*TASK INPUTS:*
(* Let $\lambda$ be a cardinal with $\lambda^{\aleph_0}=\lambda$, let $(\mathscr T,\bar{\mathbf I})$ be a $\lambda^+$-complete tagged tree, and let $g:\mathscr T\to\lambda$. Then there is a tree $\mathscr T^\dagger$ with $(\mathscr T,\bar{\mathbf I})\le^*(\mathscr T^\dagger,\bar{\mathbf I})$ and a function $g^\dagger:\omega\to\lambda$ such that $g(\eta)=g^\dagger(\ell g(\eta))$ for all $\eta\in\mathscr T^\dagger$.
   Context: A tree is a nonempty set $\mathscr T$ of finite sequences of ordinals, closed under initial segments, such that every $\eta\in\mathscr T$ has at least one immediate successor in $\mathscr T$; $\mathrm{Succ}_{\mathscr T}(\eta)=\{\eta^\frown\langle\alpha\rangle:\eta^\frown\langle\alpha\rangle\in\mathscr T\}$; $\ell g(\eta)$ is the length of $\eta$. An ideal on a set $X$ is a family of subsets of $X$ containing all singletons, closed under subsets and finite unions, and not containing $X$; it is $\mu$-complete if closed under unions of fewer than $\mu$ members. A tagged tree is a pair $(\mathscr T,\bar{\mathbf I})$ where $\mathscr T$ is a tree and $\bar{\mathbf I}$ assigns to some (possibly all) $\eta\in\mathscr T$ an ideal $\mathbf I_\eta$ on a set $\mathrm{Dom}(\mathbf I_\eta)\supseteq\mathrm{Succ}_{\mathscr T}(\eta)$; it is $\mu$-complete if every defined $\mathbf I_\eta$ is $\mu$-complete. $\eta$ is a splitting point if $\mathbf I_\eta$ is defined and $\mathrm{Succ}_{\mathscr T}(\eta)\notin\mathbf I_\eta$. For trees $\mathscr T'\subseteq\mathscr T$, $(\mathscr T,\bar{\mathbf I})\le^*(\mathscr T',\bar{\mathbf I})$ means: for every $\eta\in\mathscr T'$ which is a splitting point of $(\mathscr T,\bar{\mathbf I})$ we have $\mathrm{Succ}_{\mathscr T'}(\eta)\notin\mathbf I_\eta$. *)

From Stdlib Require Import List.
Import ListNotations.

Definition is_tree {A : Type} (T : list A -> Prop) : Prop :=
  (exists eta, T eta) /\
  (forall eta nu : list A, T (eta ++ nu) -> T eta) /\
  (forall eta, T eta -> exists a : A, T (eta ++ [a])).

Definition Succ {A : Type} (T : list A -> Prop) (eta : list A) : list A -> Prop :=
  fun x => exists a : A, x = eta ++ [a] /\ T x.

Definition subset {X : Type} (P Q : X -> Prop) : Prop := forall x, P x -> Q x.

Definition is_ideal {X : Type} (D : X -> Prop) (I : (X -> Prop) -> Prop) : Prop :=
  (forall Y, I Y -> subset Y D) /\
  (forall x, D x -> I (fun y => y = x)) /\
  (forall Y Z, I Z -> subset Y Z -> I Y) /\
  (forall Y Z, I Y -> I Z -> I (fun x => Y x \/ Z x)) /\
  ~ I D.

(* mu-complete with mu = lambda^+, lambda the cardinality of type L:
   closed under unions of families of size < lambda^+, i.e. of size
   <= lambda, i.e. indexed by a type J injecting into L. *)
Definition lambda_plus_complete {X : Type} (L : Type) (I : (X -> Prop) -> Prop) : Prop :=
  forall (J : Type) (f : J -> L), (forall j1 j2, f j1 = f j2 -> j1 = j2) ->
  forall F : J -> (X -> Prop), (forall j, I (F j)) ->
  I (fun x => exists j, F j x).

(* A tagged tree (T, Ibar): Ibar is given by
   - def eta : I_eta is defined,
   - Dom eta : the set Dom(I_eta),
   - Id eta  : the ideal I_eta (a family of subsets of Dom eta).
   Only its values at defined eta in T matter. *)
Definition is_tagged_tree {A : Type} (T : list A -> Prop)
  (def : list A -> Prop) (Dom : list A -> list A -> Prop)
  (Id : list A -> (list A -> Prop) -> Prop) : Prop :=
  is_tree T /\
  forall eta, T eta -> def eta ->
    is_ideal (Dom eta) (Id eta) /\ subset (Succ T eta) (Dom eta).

==

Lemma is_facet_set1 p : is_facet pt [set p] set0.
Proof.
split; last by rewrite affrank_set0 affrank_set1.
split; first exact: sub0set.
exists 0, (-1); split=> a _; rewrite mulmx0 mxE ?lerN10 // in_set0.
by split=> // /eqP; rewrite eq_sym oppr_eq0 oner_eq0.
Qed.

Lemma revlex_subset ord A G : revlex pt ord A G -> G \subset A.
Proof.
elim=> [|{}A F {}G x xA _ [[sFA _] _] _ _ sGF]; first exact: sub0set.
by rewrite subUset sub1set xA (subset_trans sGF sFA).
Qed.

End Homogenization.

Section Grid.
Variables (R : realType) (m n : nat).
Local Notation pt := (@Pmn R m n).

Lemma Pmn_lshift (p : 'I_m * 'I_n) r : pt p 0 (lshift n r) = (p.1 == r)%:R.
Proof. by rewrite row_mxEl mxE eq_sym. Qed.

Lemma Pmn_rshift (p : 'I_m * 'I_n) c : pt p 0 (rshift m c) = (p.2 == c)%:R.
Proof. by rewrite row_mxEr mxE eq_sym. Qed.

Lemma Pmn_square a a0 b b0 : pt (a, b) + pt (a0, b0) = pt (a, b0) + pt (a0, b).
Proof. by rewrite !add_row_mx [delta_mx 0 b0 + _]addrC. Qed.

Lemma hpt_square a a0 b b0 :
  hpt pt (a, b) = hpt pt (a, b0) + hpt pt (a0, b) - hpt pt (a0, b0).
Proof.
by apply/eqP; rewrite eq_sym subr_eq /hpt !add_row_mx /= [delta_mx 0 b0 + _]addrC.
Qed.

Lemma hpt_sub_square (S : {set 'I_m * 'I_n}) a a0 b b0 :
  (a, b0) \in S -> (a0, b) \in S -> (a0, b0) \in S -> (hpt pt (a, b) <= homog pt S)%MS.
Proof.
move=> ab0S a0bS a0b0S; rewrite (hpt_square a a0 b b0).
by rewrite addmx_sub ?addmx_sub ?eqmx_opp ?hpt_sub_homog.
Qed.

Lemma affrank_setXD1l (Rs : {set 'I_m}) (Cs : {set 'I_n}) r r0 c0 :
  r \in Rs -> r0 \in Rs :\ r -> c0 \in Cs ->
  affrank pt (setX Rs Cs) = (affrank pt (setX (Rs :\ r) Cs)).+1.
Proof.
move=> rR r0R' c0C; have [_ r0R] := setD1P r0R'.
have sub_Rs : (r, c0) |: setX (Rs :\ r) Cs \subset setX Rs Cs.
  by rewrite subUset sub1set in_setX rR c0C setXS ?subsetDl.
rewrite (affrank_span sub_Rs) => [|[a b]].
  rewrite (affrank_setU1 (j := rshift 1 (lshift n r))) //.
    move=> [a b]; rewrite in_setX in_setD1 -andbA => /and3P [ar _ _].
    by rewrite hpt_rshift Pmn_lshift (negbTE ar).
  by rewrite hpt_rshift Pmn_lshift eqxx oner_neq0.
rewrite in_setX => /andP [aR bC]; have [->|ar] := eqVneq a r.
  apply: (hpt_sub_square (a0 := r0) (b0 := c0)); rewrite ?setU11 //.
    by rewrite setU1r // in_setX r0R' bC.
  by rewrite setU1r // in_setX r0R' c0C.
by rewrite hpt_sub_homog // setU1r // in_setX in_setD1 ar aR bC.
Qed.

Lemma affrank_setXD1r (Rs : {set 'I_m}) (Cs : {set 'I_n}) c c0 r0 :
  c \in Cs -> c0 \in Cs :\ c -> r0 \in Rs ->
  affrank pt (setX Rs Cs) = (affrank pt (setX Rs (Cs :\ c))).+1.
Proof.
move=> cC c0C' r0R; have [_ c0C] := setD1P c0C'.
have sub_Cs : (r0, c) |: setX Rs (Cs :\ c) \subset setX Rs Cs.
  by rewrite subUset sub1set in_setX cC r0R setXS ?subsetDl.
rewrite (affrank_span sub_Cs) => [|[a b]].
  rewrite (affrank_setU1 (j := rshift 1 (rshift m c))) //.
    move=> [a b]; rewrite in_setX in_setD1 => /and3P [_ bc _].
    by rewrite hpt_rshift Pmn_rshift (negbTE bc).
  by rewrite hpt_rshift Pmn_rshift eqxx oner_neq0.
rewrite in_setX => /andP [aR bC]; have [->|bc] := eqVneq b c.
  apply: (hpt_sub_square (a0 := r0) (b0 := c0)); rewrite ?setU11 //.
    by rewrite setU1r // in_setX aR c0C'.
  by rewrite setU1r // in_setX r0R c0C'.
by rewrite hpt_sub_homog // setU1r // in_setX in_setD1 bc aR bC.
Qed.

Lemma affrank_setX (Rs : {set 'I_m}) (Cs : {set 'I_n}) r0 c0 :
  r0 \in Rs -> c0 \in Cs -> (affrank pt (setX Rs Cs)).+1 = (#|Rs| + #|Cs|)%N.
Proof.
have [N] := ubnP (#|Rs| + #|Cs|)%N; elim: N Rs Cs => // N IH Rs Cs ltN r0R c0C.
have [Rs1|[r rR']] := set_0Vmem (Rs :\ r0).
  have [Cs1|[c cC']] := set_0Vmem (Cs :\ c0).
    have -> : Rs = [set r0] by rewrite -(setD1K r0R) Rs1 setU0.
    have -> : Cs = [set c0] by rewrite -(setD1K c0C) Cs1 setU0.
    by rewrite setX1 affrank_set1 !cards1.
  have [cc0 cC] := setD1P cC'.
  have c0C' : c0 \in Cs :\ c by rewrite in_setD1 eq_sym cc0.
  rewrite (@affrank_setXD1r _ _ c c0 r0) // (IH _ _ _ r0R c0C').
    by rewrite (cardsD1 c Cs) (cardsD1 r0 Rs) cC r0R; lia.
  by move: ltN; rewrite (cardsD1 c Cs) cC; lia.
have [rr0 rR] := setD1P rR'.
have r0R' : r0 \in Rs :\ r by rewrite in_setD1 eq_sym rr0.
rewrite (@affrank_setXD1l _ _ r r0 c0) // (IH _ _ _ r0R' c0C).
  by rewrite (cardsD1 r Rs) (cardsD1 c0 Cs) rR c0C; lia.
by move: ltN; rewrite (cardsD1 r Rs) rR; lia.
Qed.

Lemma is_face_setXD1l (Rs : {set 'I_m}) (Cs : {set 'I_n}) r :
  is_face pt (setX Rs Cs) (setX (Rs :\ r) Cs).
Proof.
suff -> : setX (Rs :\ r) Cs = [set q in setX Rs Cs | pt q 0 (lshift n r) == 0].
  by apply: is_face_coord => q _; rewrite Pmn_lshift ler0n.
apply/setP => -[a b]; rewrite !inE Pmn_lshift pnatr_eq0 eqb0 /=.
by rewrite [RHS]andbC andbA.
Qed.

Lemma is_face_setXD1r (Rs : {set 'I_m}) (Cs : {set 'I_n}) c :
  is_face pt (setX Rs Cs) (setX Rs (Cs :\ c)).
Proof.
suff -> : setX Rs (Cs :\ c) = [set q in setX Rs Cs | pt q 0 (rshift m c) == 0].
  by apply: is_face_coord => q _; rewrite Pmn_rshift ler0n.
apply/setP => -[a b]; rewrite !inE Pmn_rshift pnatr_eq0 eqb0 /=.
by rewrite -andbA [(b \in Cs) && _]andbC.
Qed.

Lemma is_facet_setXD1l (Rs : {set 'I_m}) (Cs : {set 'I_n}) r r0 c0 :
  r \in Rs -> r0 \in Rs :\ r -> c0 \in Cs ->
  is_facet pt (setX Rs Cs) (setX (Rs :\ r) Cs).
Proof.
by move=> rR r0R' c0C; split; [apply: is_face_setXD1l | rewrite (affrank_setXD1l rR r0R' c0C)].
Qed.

...

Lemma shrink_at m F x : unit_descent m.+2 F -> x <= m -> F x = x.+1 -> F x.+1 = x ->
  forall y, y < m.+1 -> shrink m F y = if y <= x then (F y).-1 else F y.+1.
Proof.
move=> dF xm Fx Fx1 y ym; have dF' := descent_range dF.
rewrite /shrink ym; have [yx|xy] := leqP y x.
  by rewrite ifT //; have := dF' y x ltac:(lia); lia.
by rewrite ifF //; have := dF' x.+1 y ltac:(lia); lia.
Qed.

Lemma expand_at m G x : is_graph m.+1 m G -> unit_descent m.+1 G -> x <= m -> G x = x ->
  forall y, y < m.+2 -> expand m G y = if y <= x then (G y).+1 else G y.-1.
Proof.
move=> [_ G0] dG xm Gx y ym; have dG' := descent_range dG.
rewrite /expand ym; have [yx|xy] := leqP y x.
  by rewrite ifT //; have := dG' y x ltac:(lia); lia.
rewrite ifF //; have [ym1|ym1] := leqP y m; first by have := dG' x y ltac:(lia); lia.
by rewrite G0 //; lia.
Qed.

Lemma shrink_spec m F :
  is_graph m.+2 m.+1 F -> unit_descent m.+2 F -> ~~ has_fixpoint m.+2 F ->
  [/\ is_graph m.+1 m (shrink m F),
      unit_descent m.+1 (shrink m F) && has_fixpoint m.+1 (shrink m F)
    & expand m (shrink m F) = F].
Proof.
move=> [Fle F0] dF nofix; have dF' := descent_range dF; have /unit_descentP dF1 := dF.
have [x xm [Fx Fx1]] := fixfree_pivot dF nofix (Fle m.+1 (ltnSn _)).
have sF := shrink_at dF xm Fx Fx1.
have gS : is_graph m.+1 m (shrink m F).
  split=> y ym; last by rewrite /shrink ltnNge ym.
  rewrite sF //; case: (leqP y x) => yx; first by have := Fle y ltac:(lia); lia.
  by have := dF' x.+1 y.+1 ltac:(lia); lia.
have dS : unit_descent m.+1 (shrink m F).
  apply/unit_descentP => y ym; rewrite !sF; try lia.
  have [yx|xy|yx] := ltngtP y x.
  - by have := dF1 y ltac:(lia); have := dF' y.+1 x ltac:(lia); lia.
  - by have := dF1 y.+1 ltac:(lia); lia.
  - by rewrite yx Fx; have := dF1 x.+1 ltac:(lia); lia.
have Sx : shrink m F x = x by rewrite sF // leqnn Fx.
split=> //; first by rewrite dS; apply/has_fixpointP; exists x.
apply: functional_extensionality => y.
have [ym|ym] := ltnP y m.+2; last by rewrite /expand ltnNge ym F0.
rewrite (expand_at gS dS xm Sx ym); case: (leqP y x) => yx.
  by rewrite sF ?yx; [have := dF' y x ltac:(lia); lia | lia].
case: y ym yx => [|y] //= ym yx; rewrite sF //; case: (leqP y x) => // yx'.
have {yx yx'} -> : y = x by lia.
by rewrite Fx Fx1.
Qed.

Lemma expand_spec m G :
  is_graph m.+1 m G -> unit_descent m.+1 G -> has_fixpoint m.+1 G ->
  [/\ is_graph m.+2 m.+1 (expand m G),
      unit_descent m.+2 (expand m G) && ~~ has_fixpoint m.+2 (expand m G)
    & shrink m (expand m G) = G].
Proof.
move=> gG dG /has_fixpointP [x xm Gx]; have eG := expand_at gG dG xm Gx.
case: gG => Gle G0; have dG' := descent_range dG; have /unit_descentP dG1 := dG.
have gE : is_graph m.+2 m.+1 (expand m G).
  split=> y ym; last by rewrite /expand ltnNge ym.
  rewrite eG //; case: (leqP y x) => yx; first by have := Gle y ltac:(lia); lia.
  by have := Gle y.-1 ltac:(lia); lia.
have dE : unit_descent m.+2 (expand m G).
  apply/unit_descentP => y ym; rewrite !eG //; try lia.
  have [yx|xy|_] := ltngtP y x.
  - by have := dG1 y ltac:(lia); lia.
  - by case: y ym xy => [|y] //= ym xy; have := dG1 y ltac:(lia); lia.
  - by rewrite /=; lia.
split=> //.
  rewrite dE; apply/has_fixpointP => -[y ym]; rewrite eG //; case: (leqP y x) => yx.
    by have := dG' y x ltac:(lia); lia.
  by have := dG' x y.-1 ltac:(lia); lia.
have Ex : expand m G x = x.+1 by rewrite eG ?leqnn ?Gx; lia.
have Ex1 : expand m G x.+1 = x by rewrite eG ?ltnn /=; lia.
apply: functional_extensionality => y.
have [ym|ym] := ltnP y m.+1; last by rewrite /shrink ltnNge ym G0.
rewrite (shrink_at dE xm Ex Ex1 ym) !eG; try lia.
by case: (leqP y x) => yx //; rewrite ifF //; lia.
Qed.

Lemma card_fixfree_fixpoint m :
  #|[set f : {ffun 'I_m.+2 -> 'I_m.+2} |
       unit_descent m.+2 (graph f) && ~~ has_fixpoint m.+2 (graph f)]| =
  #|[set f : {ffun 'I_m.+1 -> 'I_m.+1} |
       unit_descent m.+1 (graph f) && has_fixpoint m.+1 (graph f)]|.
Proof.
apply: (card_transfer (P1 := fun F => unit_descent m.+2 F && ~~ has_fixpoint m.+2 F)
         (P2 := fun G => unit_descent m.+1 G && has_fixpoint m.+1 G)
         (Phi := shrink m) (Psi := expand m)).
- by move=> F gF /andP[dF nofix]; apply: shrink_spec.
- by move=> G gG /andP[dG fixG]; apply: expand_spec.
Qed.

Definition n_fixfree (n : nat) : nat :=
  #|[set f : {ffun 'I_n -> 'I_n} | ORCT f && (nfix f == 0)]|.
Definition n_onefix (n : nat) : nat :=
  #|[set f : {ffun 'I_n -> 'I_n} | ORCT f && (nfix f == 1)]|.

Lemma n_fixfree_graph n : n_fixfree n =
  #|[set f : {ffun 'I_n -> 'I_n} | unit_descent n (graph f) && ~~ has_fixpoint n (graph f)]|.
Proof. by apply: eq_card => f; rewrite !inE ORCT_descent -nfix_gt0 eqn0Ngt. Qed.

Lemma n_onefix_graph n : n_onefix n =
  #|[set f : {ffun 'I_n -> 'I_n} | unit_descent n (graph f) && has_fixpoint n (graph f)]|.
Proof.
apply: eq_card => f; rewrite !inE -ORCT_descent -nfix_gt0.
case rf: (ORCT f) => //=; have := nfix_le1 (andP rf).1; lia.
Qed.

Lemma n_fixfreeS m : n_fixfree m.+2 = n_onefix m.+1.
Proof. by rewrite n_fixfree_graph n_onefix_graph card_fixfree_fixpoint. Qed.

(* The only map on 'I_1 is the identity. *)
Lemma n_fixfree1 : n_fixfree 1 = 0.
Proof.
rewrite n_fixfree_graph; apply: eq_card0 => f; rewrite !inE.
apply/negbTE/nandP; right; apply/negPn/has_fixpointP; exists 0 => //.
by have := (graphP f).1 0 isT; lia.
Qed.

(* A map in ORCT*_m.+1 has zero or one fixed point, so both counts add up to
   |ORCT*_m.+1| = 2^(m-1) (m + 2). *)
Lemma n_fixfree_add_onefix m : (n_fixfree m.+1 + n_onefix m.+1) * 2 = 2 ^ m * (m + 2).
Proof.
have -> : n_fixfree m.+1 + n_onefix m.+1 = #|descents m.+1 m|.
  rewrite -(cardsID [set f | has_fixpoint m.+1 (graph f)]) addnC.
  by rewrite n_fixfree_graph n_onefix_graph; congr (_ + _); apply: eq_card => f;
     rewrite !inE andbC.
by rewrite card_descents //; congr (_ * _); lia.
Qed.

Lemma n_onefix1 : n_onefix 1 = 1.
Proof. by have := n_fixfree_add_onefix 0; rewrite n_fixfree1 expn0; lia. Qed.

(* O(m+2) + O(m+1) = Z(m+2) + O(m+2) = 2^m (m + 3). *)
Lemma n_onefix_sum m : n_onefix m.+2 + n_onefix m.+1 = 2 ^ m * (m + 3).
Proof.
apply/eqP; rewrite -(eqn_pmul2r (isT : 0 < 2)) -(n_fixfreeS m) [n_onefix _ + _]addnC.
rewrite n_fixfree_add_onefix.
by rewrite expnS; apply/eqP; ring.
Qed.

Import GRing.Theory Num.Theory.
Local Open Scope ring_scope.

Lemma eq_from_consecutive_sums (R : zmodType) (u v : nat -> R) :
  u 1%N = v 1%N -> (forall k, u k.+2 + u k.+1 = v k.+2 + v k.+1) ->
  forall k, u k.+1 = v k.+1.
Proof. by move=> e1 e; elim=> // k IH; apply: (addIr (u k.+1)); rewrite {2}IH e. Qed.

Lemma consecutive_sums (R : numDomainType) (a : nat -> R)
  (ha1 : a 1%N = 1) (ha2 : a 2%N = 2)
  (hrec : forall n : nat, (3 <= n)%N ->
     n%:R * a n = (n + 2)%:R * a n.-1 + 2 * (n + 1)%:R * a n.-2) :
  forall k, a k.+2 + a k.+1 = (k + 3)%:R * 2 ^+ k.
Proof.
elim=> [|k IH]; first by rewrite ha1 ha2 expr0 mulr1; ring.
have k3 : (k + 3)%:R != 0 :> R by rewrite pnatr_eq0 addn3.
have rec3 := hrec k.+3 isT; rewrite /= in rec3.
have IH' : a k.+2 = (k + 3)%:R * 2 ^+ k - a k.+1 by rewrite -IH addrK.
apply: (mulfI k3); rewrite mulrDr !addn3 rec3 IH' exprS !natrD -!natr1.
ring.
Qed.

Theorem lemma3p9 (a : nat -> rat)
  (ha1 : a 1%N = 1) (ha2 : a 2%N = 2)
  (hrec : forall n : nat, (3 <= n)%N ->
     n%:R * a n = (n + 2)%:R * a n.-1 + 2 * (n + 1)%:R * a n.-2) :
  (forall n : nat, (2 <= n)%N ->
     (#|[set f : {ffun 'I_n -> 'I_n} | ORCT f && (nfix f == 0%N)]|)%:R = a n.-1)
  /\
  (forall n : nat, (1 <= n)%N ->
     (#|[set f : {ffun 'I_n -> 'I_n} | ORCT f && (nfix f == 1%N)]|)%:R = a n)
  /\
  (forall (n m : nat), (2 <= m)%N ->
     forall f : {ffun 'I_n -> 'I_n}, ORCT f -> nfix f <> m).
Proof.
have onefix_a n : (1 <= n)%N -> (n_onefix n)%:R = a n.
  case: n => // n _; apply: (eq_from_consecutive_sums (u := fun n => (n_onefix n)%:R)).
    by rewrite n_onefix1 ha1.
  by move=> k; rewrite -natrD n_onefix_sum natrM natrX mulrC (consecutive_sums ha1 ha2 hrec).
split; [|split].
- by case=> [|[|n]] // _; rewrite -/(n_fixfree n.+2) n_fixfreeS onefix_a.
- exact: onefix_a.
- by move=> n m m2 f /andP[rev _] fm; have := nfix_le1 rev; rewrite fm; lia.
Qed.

*WHAT NEEDS TO BE DONE:* After locating the line with "r0 \in Rs -> c0" in the material above, return it and each line after it exactly, ending at the line with "Lemma is_face_setXD1r (Rs".

*RESULT OF THIS EXERCISE:*
  r0 \in Rs -> c0 \in Cs -> (affrank pt (setX Rs Cs)).+1 = (#|Rs| + #|Cs|)%N.
Proof.
have [N] := ubnP (#|Rs| + #|Cs|)%N; elim: N Rs Cs => // N IH Rs Cs ltN r0R c0C.
have [Rs1|[r rR']] := set_0Vmem (Rs :\ r0).
  have [Cs1|[c cC']] := set_0Vmem (Cs :\ c0).
    have -> : Rs = [set r0] by rewrite -(setD1K r0R) Rs1 setU0.
    have -> : Cs = [set c0] by rewrite -(setD1K c0C) Cs1 setU0.
    by rewrite setX1 affrank_set1 !cards1.
  have [cc0 cC] := setD1P cC'.
  have c0C' : c0 \in Cs :\ c by rewrite in_setD1 eq_sym cc0.
  rewrite (@affrank_setXD1r _ _ c c0 r0) // (IH _ _ _ r0R c0C').
    by rewrite (cardsD1 c Cs) (cardsD1 r0 Rs) cC r0R; lia.
  by move: ltN; rewrite (cardsD1 c Cs) cC; lia.
have [rr0 rR] := setD1P rR'.
have r0R' : r0 \in Rs :\ r by rewrite in_setD1 eq_sym rr0.
rewrite (@affrank_setXD1l _ _ r r0 c0) // (IH _ _ _ r0R' c0C).
  by rewrite (cardsD1 r Rs) (cardsD1 c0 Cs) rR c0C; lia.
by move: ltN; rewrite (cardsD1 r Rs) rR; lia.
Qed.

Lemma is_face_setXD1l (Rs : {set 'I_m}) (Cs : {set 'I_n}) r :
  is_face pt (setX Rs Cs) (setX (Rs :\ r) Cs).
Proof.
suff -> : setX (Rs :\ r) Cs = [set q in setX Rs Cs | pt q 0 (lshift n r) == 0].
  by apply: is_face_coord => q _; rewrite Pmn_lshift ler0n.
apply/setP => -[a b]; rewrite !inE Pmn_lshift pnatr_eq0 eqb0 /=.
by rewrite [RHS]andbC andbA.
Qed.

Lemma is_face_setXD1r (Rs : {set 'I_m}) (Cs : {set 'I_n}) c :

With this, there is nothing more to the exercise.